- [GOAL OF THE EXERCISE] From the records below, extract only the lines running from the line with "K0, _ | _, K0 => K0" to the line with "Kbc (maxn n m)", both lines included, reproducing them exactly.

(Saved entries)
□ □ □ □ □
Lemma infinite_type_of_inj (T : eqType) (f : nat -> T) :
  injective f -> infinite_type T.
Proof.
move=> f_inj [s sT].
have sub : {subset map f (iota 0 (size s).+1) <= s} by move=> x _; apply/InP.
have := uniq_leq_size _ sub.
by rewrite map_inj_uniq // iota_uniq size_map size_iota ltnn => /(_ isT).
Qed.

Lemma ex_least_nat (P : nat -> Prop) :
  (exists n, P n) -> exists n, P n /\ forall k, P k -> n <= k.
Proof.
move=> exP; have [n [[Pn n_min] _]] :=
  dec_inh_nat_subset_has_unique_least_element P (fun n => classic (P n)) exP.
by exists n; split=> // k /n_min /ssrnat.leP.
Qed.

Section Dickson.
Variable U : nat -> nat -> Prop.

Definition dominates (s : seq (nat * nat)) (V : nat -> nat -> Prop) :=
  {in s, forall q, U q.1 q.2} /\
  forall m n, V m n -> exists2 q, q \in s & (q.1 <= m) && (q.2 <= n).

Lemma dickson_columns k : exists s, dominates s (fun m n => m < k /\ U m n).
Proof.
elim: k => [|k [s [sU s_dom]]]; first by exists [::]; split=> // m n [].
have [/ex_least_nat[n0 [Ukn0 n0_min]]|noUk] := classic (exists n, U k n).
  exists ((k, n0) :: s); split=> [q|m n [lt_m_k1 Umn]].
    by rewrite in_cons => /predU1P[-> //|/sU].
  case: (ltnP m k) => [lt_mk|le_km].
    have [q sq le_q] := s_dom m n (conj lt_mk Umn).
    by exists q; rewrite // in_cons sq orbT.
  have eq_mk : m = k by lia.
  rewrite eq_mk in Umn *.
  by exists (k, n0); rewrite ?mem_head //= leqnn n0_min.
exists s; split=> // m n [lt_m_k1 Umn].
case: (ltnP m k) => [lt_mk|le_km]; first exact: s_dom.
by case: noUk; exists n; have <- : m = k by lia.
Qed.

End Dickson.

(* Points above some (m0, n0) in U are dominated by it; the others lie in one of
   the finitely many columns m < m0 or rows n < n0. *)
Lemma dickson (U : nat -> nat -> Prop) : exists s, dominates U s U.
Proof.
have [[m0 [n0 Um0n0]]|noU] := classic (exists m n, U m n); last first.
  by exists [::]; split=> // m n Umn; case: noU; exists m, n.
have [sc [scU sc_dom]] := dickson_columns U m0.
have [sr [srU sr_dom]] := dickson_columns (fun n m => U m n) n0.
exists ((m0, n0) :: sc ++ [seq (q.2, q.1) | q <- sr]); split.
  move=> q; rewrite in_cons mem_cat => /or3P[/eqP-> // | /scU // |].
  by case/mapP=> q' /srU Uq' ->.
move=> m n Umn; case: (ltnP m m0) => [lt_m_m0|le_m0_m].
  have [q sq le_q] := sc_dom m n (conj lt_m_m0 Umn).
  by exists q; rewrite // in_cons mem_cat sq orbT.
case: (ltnP n n0) => [lt_n_n0|le_n0_n].
  have [q sq /andP[le1 le2]] := sr_dom n m (conj lt_n_n0 Umn).
  exists (q.2, q.1); rewrite ?le1 ?le2 //.
  by rewrite in_cons mem_cat (map_f (fun q => (q.2, q.1)) sq) !orbT.
by exists (m0, n0); rewrite ?mem_head //= le_m0_m le_n0_n.
Qed.

Section DescendingCovers.
Local Open Scope order_scope.

Definition descending_cover d (T : porderType d) (I : finType) (f : I -> nat -> T) :=
  (forall i, {homo f i : m n / (m <= n)%N >-> n <= m}) /\
  forall x, exists i n, x = f i n.

Lemma downset_finitely_generated d1 d2 (T1 : porderType d1) (T2 : porderType d2)
    (I1 I2 : finType) (f1 : I1 -> nat -> T1) (f2 : I2 -> nat -> T2)
    (D : T1 * T2 -> Prop) :
  descending_cover f1 -> descending_cover f2 ->
  (forall p q, D q -> p.1 <= q.1 -> p.2 <= q.2 -> D p) ->
  exists s : seq (T1 * T2),
    forall p, D p <-> exists2 q : T1 * T2, q \in s & (p.1 <= q.1) && (p.2 <= q.2).
Proof.
move=> [f1_anti f1_onto] [f2_anti f2_onto] D_down.
pose U (ij : I1 * I2) m n := D (f1 ij.1 m, f2 ij.2 n).
have [gen gen_dom] := fin_all_exists (fun ij => dickson (U ij)).
exists [seq (f1 ij.1 q.1, f2 ij.2 q.2) | ij <- enum {: I1 * I2}, q <- gen ij].
move=> [x y]; split=> [Dxy|[_ /allpairsPdep[ij [q [_ gq ->]]] /andP[le1 le2]]].
  have [i [m def_x]] := f1_onto x; have [j [n def_y]] := f2_onto y.
  rewrite def_x def_y in Dxy *.
  have [q gq /andP[qm qn]] := (gen_dom (i, j)).2 m n Dxy.
  exists (f1 i q.1, f2 j q.2); last by rewrite /= !(f1_anti, f2_anti).
  by apply/allpairsPdep; exists (i, j), q; rewrite mem_enum.
exact: D_down ((gen_dom ij).1 q gq) le1 le2.
Qed.

Lemma capped_tensor_of_descending_covers dA dB
    (A : bJoinSemilatticeType dA) (B : bJoinSemilatticeType dB)
    (IA IB : finType) (fA : IA -> nat -> A) (fB : IB -> nat -> B) :
  descending_cover fA -> descending_cover fB -> capped_tensor A B.
Proof.
move=> coverA coverB I [[I_down I_A0 I_0B _ _] _].
have [s sI] := downset_finitely_generated coverA coverB I_down.
exists s => p; rewrite sI; split=> [[q sq /andP[le1 le2]]|].
  by exists q; split; [left; apply/InP | split].
case=> q [[/InP sq | [q2_0 | q1_0]] [le1 le2]].
- by exists q; rewrite ?le1.
- by apply/sI/(I_down p (q.1, \bot) (I_A0 _)); rewrite -?q2_0.
- by apply/sI/(I_down p (\bot, q.2) (I_0B _)); rewrite -?q1_0.
Qed.

End DescendingCovers.

Section Triples.
Variable T : Type.
Implicit Types (u : T * T * T) (t : T -> nat).

Definition swap12 u : T * T * T := let '(x, y, z) := u in (y, x, z).
Definition rot3 u : T * T * T := let '(x, y, z) := u in (y, z, x).

Lemma triple_sorted_ind t (P : T * T * T -> Prop) :
    (forall u, P u -> P (swap12 u)) -> (forall u, P u -> P (rot3 u)) ->
    (forall x y z, t x <= t y <= t z -> P (x, y, z)) ->
  forall u, P u.
Proof.
move=> Pswap Prot Psorted [[x y] z].
have Pxyz x' y' z' : t x' <= t y' -> t y' <= t z' -> P (x', y', z').
  by move=> le1 le2; apply: Psorted; rewrite le1.
have [xy|yx] := leqP (t x) (t y); have [yz|zy] := leqP (t y) (t z);
  have [xz|zx] := leqP (t x) (t z).
- exact: Pxyz.
- exact: Pxyz.
- exact: (Prot (z, x, y) (Pswap (x, z, y) (Pxyz _ _ _ xz (ltnW zy)))).
- exact: (Prot (z, x, y) (Pxyz _ _ _ (ltnW zx) xy)).
- exact: (Pswap (y, x, z) (Pxyz _ _ _ (ltnW yx) xz)).
- exact: (Prot _ (Prot (y, z, x) (Pxyz _ _ _ yz (ltnW zx)))).
- by exfalso; lia.
- exact: (Prot _ (Prot _ (Pswap (z, y, x) (Pxyz _ _ _ (ltnW zy) (ltnW yx))))).
Qed.

End Triples.

Section Step1.
Variables (d : Order.disp_t) (L : latticeType d).
Implicit Types (u : L * L * L).
Local Open Scope order_scope.

Definition balanced u : bool :=
  let '(x, y, z) := u in [&& y `&` z <= x, x `&` z <= y & x `&` y <= z].

Lemma step1_id_balanced u : balanced u -> step1 u = u.
Proof.
case: u => [[x y] z] /and3P[yz_x xz_y xy_z] /=.
by rewrite (join_l yz_x) (join_l xz_y) (join_l xy_z).
Qed.

Lemma step1_swap12 u : step1 (swap12 u) = swap12 (step1 u).
Proof. by case: u => [[x y] z] /=; rewrite (meetC y x). Qed.

Lemma step1_rot3 u : step1 (rot3 u) = rot3 (step1 u).
Proof. by case: u => [[x y] z] /=; rewrite (meetC z) (meetC y x). Qed.

Lemma balanced_swap12 u : balanced (swap12 u) = balanced u.
Proof. by case: u => [[x y] z] /=; rewrite (meetC y x) andbCA. Qed.

Lemma balanced_rot3 u : balanced (rot3 u) = balanced u.
Proof. by case: u => [[x y] z] /=; rewrite (meetC z x) (meetC y x); do 3!case: (_ <= _). Qed.

Lemma two_modular_of_sorted_balanced (t : L -> nat) :
    (forall x y z, (t x <= t y <= t z)%N -> balanced (step1 (step1 (x, y, z)))) ->
  two_modular L.
Proof.
move=> sorted_bal u; change (step1 (iter 2 step1 u) = iter 2 step1 u).
apply: step1_id_balanced; move: u; apply: (triple_sorted_ind (t := t)) => // u.
  by rewrite /= !step1_swap12 balanced_swap12.
by rewrite /= !step1_rot3 balanced_rot3.
Qed.

End Step1.

(* [Kba n] and [Kbc n] stand for b v a_n and b v c_n. *)
Inductive K := K0 | Kb | Ka of nat | Kc of nat | Kba of nat | Kbc of nat.

Definition chain (i : 'I_6) (n : nat) : K :=
  match val i with 0 => K0 | 1 => Kb | 2 => Ka n | 3 => Kc n | 4 => Kba n | _ => Kbc n end.

Definition chain_pos (x : K) : 'I_6 * nat :=
  match x with
  | K0 => (Ordinal (isT : 0 < 6), 0) | Kb => (Ordinal (isT : 1 < 6), 0)
  | Ka n => (Ordinal (isT : 2 < 6), n) | Kc n => (Ordinal (isT : 3 < 6), n)
  | Kba n => (Ordinal (isT : 4 < 6), n) | Kbc n => (Ordinal (isT : 5 < 6), n)
  end.

Lemma chain_posK : cancel chain_pos (fun p => chain p.1 p.2).
Proof. by case. Qed.

HB.instance Definition _ := Countable.copy K (can_type chain_posK).

Definition kle (x y : K) : bool :=
  match x, y with
  | K0, _ => true
  | Kb, (Kb | Kba _ | Kbc _) => true
  | Ka n, Ka m | Kc n, Kc m => m <= n
  | (Ka n | Kc n), Kba m => m <= n
  | Ka n, Kbc m => m < n
  | Kc n, Kbc m => m <= n
  | Kba n, Kba m | Kbc n, Kbc m | Kbc n, Kba m => m <= n
  | Kba n, Kbc m => m < n
  | _, _ => false
  end.

Definition kjoin (x y : K) : K :=
  match x, y with
  | K0, z | z, K0 => z
  | Kb, Kb => Kb
  | Kb, (Ka n) | Ka n, Kb => Kba n
  | Kb, (Kc n) | Kc n, Kb => Kbc n
  | Kb, z | z, Kb => z
  | Ka n, Ka m => Ka (minn n m)
  | Kc n, Kc m => Kc (minn n m)
  | Kba n, Kba m | Ka n, Kba m | Kba n, Ka m => Kba (minn n m)
  | Kbc n, Kbc m | Kc n, Kbc m | Kbc n, Kc m => Kbc (minn n m)
  | (Ka n | Kba n), (Kc m | Kbc m) | (Kc m | Kbc m), (Ka n | Kba n) =>
      if n <= m then Kba n else Kbc m
  end.

Definition kmeet (x y : K) : K :=
  match x, y with
  | K0, _ | _, K0 => K0
  | Kb, (Ka _ | Kc _) | (Ka _ | Kc _), Kb => K0
  | Kb, _ | _, Kb => Kb
  | Ka _, Kc _ | Kc _, Ka _ => K0
  | Ka n, Ka m | Ka n, Kba m | Kba m, Ka n => Ka (maxn n m)
  | Ka n, Kbc m | Kbc m, Ka n => Ka (maxn n m.+1)
  | Kc n, Kc m | Kc n, Kba m | Kba m, Kc n | Kc n, Kbc m | Kbc m, Kc n => Kc (maxn n m)
  | Kba n, Kba m => Kba (maxn n m)
  | Kbc n, Kbc m => Kbc (maxn n m)
  | Kba n, Kbc m | Kbc m, Kba n => if m < n then Kba n else Kbc m
  end.

(* Splitting the innermost conditional first keeps the terms small and lets
   [lia] prune the impossible branches early. *)
Ltac case_innermost_if :=
  match goal with |- context [if ?b then _ else _] =>
    lazymatch b with
    | context [if _ then _ else _] => fail
    | _ => let E := fresh "E" in case E: b
    end
  end.

Ltac normalize_K := cbn [kle kmeet kjoin andb]; unfold minn, maxn.

Ltac decide_K :=
  repeat (normalize_K; case_innermost_if; try (exfalso; lia)); normalize_K; lia.

Lemma kle_refl : reflexive kle. Proof. by case => //= n. Qed.

Lemma kle_anti : antisymmetric kle.
Proof.
by case=> [||n|n|n|n] [||m|m|m|m] //= /andP[? ?]; first [congr (_ _) | exfalso]; lia.
Qed.

Lemma kle_trans : transitive kle.
Proof. by case=> [||n|n|n|n] [||m|m|m|m] [||k|k|k|k] //=; lia. Qed.

Lemma kle_meet x y z : kle x (kmeet y z) = kle x y && kle x z.
Proof. by case: x y z => [||n|n|n|n] [||m|m|m|m] [||k|k|k|k]; decide_K. Qed.

Lemma kle_join x y z : kle (kjoin x y) z = kle x z && kle y z.
Proof. by case: x y z => [||n|n|n|n] [||m|m|m|m] [||k|k|k|k]; decide_K. Qed.

Fact K_display : Order.disp_t. Proof. exact: Order.Disp tt tt. Qed.
HB.instance Definition _ := Order.Le_isPOrder.Build K_display K kle_refl kle_anti kle_trans.
HB.instance Definition _ :=
  Order.POrder_MeetJoin_isLattice.Build K_display K kle_meet kle_join.
Lemma kle0x x : kle K0 x. Proof. by []. Qed.
HB.instance Definition _ := Order.hasBottom.Build K_display K kle0x.

Local Open Scope order_scope.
□ □ □ □ □
- [EXERCISE ANSWER]
  | K0, _ | _, K0 => K0
  | Kb, (Ka _ | Kc _) | (Ka _ | Kc _), Kb => K0
  | Kb, _ | _, Kb => Kb
  | Ka _, Kc _ | Kc _, Ka _ => K0
  | Ka n, Ka m | Ka n, Kba m | Kba m, Ka n => Ka (maxn n m)
  | Ka n, Kbc m | Kbc m, Ka n => Ka (maxn n m.+1)
  | Kc n, Kc m | Kc n, Kba m | Kba m, Kc n | Kc n, Kbc m | Kbc m, Kc n => Kc (maxn n m)
  | Kba n, Kba m => Kba (maxn n m)
  | Kbc n, Kbc m => Kbc (maxn n m)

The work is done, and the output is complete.